Go to the line containing "(* Both products" in the records below and print it and every following line exactly, on through the line containing "S in W form", then stop.

———

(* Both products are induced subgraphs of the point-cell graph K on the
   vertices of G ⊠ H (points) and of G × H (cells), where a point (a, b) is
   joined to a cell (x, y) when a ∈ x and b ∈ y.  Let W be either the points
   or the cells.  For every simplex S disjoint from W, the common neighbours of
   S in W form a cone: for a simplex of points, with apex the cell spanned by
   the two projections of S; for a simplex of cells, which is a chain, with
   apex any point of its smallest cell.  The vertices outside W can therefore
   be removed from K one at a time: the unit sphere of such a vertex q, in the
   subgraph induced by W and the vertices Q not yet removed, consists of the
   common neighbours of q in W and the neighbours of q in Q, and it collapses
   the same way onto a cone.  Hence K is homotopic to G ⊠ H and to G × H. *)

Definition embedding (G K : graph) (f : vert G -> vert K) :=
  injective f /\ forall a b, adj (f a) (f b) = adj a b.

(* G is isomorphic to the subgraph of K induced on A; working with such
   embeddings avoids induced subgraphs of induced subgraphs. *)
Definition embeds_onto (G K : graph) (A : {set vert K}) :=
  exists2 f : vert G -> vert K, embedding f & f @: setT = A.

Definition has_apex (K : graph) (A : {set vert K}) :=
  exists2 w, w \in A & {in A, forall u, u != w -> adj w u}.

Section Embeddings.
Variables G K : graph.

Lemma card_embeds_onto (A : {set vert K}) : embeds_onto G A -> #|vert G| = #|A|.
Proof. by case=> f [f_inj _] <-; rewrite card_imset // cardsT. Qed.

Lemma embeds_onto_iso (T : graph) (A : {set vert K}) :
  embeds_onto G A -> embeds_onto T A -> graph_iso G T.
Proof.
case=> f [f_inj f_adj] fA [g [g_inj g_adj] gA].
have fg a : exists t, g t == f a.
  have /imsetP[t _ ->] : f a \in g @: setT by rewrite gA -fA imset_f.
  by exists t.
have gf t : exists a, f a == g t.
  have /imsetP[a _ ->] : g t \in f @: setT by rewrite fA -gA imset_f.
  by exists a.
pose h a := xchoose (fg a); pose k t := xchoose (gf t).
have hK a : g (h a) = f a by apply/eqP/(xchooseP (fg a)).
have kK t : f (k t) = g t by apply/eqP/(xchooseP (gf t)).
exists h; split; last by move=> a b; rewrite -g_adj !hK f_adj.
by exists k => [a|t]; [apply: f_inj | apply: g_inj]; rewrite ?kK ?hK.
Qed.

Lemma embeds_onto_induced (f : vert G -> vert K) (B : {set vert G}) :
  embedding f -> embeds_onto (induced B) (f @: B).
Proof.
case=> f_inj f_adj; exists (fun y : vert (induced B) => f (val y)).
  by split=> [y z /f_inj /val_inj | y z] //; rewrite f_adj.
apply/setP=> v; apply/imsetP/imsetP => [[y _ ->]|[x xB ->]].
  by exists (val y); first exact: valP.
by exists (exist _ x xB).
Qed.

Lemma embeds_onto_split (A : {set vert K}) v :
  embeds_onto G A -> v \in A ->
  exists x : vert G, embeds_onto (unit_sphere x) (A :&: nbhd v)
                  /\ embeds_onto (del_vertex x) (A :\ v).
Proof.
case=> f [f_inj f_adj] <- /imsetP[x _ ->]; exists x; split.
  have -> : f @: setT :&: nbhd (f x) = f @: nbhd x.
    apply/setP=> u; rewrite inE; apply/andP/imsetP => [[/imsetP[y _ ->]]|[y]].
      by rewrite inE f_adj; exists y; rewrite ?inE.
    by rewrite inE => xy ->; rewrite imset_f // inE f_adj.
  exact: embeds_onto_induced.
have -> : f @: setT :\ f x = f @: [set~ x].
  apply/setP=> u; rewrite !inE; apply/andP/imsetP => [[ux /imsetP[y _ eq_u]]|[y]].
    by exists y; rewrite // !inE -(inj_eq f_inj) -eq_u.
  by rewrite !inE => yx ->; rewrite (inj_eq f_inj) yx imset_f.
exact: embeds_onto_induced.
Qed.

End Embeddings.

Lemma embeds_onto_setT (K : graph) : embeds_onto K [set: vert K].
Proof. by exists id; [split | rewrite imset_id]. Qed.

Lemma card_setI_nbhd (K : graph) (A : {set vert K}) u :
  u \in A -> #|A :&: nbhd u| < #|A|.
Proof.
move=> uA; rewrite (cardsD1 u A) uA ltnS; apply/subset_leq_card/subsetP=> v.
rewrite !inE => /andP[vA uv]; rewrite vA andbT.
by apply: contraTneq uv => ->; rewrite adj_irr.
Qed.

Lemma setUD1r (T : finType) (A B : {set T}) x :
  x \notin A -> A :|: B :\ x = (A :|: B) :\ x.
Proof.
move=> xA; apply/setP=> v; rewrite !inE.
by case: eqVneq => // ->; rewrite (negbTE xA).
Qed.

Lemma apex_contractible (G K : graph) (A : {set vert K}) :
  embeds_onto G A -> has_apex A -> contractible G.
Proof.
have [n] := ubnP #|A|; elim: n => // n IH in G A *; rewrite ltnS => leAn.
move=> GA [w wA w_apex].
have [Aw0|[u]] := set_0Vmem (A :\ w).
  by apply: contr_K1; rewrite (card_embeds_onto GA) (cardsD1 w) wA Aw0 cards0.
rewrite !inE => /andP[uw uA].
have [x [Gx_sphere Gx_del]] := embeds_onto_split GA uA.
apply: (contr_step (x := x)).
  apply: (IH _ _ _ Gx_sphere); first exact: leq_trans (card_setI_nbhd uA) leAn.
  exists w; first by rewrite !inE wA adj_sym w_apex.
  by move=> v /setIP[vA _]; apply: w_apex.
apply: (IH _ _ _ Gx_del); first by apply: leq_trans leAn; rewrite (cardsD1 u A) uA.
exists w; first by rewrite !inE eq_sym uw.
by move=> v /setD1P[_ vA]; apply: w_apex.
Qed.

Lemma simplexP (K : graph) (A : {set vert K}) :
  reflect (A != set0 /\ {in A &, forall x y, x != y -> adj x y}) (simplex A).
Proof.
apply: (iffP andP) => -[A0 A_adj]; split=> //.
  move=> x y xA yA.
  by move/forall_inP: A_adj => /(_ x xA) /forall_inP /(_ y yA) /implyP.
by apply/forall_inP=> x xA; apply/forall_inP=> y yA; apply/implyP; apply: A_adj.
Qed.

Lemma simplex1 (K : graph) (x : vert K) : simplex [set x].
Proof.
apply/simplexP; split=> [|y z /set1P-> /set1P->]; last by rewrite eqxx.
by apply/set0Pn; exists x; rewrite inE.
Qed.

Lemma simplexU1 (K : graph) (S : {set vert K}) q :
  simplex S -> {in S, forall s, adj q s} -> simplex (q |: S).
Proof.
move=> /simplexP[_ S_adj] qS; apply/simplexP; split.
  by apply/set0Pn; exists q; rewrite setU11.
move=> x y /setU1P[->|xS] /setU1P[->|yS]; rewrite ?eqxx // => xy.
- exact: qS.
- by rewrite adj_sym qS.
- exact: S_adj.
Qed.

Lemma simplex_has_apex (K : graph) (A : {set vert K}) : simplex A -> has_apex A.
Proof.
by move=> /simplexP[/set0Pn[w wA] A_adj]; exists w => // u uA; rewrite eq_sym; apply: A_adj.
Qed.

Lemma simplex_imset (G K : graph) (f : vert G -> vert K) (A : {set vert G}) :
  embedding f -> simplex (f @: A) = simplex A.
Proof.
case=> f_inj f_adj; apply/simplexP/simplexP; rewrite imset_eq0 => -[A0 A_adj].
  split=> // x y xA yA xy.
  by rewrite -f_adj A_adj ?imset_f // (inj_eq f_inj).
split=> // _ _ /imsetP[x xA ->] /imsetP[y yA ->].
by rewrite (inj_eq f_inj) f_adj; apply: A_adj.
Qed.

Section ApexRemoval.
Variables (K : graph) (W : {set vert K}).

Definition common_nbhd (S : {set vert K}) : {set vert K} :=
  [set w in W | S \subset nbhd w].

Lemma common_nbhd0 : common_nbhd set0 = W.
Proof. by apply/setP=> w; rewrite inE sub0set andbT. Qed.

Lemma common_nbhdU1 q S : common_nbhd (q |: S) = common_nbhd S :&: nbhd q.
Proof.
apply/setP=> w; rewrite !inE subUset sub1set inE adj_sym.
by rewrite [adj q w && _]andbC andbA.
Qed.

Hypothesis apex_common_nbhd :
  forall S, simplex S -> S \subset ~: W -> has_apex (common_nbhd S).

———

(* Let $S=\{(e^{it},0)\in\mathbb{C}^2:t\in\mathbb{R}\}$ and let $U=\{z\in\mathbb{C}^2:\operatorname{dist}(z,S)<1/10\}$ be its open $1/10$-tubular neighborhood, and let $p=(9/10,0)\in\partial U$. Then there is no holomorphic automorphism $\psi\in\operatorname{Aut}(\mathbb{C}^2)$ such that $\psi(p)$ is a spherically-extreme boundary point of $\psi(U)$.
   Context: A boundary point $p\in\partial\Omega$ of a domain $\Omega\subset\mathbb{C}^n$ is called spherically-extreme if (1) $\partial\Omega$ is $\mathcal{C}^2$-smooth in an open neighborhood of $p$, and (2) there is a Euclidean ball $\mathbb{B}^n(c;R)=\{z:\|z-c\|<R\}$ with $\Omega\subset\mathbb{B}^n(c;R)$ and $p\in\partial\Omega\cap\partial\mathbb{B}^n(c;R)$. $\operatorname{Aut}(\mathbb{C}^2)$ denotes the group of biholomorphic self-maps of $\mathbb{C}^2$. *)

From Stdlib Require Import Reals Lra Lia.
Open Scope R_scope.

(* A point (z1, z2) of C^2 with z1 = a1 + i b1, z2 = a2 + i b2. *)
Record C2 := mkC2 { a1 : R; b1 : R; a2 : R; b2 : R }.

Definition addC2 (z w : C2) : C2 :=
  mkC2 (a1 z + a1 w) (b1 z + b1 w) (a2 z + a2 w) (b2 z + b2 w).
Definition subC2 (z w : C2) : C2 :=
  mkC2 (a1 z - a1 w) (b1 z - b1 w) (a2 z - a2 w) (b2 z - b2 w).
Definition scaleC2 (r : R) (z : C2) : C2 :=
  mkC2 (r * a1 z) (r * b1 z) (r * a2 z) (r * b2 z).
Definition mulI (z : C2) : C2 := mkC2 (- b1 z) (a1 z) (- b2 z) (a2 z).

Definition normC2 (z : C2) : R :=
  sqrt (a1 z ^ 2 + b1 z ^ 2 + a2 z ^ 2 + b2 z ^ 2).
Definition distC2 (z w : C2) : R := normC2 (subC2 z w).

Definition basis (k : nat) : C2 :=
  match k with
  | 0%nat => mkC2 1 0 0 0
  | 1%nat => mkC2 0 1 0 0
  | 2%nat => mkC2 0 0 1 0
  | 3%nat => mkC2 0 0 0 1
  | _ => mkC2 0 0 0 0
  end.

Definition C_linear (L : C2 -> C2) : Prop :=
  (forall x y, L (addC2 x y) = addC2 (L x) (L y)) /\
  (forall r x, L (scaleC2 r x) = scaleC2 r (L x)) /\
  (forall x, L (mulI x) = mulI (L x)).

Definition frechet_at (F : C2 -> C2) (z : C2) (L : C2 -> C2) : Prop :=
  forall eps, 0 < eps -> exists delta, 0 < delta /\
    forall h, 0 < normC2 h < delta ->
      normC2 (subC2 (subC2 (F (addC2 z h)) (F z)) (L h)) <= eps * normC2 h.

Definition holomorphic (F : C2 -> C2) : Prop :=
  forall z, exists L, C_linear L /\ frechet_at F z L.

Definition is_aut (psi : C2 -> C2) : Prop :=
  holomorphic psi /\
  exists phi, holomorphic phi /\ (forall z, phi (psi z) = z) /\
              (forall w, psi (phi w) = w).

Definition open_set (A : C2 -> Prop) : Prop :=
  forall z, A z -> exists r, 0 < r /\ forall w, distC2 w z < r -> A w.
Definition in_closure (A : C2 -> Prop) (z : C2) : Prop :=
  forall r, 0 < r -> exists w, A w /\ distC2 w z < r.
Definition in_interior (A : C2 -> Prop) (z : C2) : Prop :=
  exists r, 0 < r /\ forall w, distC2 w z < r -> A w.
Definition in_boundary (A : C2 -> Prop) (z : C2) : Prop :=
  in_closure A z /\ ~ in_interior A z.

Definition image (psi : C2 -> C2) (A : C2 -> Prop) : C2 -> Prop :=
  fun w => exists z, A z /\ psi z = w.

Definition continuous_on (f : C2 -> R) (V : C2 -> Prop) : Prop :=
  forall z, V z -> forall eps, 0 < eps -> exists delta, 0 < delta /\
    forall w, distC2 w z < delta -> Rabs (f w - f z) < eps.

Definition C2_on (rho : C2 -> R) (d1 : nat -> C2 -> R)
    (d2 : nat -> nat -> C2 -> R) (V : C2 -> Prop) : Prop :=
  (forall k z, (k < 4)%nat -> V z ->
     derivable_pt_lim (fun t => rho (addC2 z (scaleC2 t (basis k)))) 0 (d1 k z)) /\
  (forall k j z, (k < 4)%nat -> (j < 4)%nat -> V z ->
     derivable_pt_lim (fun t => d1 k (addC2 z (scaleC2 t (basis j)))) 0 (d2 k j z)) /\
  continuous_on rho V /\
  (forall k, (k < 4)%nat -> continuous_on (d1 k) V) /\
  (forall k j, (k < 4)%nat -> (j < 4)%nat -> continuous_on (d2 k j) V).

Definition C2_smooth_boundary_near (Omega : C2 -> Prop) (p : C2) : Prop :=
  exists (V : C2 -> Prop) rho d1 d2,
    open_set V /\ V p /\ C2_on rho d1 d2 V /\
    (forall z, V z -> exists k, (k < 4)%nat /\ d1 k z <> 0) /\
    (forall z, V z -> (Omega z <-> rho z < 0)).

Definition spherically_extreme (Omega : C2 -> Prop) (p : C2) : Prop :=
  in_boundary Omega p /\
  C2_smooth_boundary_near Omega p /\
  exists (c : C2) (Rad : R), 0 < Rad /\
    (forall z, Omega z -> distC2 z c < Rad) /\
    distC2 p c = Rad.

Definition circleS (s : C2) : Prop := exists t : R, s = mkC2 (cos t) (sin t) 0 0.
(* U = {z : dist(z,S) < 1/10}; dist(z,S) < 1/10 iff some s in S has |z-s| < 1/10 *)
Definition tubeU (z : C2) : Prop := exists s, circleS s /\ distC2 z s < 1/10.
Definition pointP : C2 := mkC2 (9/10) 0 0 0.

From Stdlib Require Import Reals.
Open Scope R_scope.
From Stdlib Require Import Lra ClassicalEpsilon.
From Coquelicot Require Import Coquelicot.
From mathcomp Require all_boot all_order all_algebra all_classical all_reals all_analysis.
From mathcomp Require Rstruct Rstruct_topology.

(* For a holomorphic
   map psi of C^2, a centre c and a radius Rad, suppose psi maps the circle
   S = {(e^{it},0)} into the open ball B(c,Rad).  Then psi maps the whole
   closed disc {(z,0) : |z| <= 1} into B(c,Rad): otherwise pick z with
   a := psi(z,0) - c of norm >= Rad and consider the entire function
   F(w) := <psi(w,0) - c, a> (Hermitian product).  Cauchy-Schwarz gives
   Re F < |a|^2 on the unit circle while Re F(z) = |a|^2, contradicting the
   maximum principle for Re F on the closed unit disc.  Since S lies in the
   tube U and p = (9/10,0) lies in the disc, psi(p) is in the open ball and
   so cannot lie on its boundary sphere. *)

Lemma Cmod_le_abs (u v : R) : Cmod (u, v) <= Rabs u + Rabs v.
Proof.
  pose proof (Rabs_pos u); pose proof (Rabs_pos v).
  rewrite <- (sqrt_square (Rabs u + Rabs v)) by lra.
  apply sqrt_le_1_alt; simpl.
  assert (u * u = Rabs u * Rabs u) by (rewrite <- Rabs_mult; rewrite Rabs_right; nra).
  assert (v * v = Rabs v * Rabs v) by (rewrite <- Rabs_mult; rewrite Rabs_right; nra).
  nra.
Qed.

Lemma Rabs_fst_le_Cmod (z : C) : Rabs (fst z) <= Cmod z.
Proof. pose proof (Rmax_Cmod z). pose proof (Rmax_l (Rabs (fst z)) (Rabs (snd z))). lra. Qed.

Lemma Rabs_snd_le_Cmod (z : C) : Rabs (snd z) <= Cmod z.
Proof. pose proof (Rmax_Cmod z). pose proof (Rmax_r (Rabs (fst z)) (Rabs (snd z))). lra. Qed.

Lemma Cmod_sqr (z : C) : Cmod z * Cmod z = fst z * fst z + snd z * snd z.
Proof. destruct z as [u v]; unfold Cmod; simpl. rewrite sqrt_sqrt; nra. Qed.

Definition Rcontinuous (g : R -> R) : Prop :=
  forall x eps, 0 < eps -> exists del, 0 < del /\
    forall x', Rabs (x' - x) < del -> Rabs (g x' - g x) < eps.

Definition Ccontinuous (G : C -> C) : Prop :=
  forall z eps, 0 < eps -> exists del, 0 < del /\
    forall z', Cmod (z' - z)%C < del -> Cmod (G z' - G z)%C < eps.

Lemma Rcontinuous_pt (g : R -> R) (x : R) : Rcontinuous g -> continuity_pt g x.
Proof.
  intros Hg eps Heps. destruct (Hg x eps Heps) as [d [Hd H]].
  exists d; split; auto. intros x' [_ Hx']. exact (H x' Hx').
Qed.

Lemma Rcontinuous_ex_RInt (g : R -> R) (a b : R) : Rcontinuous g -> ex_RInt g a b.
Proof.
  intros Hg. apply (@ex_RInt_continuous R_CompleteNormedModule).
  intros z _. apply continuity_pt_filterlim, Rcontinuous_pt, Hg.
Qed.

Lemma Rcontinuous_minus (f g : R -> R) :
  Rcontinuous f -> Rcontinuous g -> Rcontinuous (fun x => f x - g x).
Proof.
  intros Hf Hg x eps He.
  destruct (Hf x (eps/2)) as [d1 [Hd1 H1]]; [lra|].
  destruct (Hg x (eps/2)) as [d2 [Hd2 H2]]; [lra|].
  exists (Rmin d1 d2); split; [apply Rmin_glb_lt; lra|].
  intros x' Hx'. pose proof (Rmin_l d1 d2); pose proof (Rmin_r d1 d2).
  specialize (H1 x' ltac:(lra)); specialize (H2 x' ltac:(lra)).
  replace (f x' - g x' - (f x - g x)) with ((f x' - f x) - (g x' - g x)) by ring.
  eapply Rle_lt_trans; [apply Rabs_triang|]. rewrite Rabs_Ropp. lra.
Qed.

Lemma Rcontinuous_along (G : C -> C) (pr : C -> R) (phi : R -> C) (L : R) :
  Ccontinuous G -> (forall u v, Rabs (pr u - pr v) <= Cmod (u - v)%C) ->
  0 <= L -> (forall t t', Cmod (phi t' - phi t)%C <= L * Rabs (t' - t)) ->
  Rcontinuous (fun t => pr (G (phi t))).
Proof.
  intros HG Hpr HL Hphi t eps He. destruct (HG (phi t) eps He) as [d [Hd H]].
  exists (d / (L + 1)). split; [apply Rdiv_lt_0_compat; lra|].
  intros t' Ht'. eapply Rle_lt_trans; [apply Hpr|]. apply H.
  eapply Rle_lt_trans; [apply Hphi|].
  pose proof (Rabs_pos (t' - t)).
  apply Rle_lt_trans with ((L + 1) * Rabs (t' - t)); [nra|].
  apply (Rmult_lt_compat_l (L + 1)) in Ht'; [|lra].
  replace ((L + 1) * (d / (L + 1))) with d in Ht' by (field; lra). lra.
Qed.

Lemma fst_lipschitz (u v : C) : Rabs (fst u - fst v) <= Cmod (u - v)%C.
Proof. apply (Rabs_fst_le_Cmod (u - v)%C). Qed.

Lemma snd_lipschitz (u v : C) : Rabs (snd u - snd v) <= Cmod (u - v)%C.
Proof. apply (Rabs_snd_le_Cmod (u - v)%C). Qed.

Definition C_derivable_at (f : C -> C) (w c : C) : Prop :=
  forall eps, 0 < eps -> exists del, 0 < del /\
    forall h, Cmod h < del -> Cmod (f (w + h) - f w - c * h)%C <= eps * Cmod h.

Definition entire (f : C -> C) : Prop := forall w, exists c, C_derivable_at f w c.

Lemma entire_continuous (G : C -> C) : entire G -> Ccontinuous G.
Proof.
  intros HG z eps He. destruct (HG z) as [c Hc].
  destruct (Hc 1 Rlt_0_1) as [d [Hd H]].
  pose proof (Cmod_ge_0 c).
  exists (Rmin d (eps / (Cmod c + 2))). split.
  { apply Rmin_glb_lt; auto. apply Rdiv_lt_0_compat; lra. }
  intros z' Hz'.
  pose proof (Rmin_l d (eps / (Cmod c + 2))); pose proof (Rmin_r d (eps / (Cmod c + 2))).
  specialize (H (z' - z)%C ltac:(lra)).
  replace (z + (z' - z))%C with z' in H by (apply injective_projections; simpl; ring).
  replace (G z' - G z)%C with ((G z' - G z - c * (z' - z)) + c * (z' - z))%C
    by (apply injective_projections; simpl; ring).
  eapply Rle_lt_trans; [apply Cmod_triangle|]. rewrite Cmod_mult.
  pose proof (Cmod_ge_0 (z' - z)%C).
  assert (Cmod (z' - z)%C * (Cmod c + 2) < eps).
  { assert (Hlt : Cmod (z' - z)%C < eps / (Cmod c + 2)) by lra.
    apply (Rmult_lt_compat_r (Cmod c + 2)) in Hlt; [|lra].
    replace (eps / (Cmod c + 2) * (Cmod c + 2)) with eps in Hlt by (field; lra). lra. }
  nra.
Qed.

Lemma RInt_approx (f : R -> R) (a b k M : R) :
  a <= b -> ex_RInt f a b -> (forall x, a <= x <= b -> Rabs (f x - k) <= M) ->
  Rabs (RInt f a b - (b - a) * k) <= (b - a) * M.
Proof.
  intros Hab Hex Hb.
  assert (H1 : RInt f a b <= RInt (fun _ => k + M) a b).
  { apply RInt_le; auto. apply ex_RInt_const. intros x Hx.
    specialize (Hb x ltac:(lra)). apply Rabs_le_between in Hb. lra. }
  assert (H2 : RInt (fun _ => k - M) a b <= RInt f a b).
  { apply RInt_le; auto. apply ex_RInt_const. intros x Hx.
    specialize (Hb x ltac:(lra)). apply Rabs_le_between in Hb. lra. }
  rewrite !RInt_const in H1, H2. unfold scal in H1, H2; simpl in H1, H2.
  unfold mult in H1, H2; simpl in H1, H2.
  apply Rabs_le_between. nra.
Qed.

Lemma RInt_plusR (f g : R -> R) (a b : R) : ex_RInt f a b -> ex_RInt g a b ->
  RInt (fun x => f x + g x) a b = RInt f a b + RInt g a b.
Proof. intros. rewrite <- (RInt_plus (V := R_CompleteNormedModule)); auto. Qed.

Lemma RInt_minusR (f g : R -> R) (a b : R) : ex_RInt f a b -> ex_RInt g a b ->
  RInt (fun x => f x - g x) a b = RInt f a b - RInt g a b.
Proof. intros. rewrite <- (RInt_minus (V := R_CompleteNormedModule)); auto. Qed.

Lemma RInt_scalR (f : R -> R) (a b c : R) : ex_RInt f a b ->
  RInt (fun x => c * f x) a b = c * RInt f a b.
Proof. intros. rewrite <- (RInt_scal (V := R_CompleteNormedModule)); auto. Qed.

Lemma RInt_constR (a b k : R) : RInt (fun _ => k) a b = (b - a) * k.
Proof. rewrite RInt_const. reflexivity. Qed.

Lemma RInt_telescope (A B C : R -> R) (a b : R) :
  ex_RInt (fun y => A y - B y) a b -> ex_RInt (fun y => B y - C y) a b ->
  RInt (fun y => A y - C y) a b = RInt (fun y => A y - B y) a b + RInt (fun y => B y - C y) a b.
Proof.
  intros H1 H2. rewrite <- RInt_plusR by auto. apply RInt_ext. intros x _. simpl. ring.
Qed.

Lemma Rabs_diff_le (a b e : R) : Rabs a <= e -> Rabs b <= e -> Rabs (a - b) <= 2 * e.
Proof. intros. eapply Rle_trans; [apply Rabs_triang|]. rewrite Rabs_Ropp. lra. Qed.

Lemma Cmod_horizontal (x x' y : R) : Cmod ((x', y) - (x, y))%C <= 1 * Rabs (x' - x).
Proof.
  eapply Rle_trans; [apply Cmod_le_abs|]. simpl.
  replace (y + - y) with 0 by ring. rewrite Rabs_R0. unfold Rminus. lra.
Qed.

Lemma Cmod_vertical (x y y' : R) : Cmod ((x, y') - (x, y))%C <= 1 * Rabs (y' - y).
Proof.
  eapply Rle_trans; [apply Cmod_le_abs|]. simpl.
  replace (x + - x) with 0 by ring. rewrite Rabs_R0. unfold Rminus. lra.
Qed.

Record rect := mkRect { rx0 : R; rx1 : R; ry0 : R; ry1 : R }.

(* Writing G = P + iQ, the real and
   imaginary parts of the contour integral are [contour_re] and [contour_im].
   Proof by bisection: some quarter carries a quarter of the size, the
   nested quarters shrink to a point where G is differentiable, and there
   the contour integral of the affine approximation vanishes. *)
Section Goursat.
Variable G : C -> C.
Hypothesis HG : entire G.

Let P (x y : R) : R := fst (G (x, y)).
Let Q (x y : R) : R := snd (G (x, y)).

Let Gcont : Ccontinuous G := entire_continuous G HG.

———

* EXERCISE OUTPUT *
(* Both products are induced subgraphs of the point-cell graph K on the
   vertices of G ⊠ H (points) and of G × H (cells), where a point (a, b) is
   joined to a cell (x, y) when a ∈ x and b ∈ y.  Let W be either the points
   or the cells.  For every simplex S disjoint from W, the common neighbours of
   S in W form a cone: for a simplex of points, with apex the cell spanned by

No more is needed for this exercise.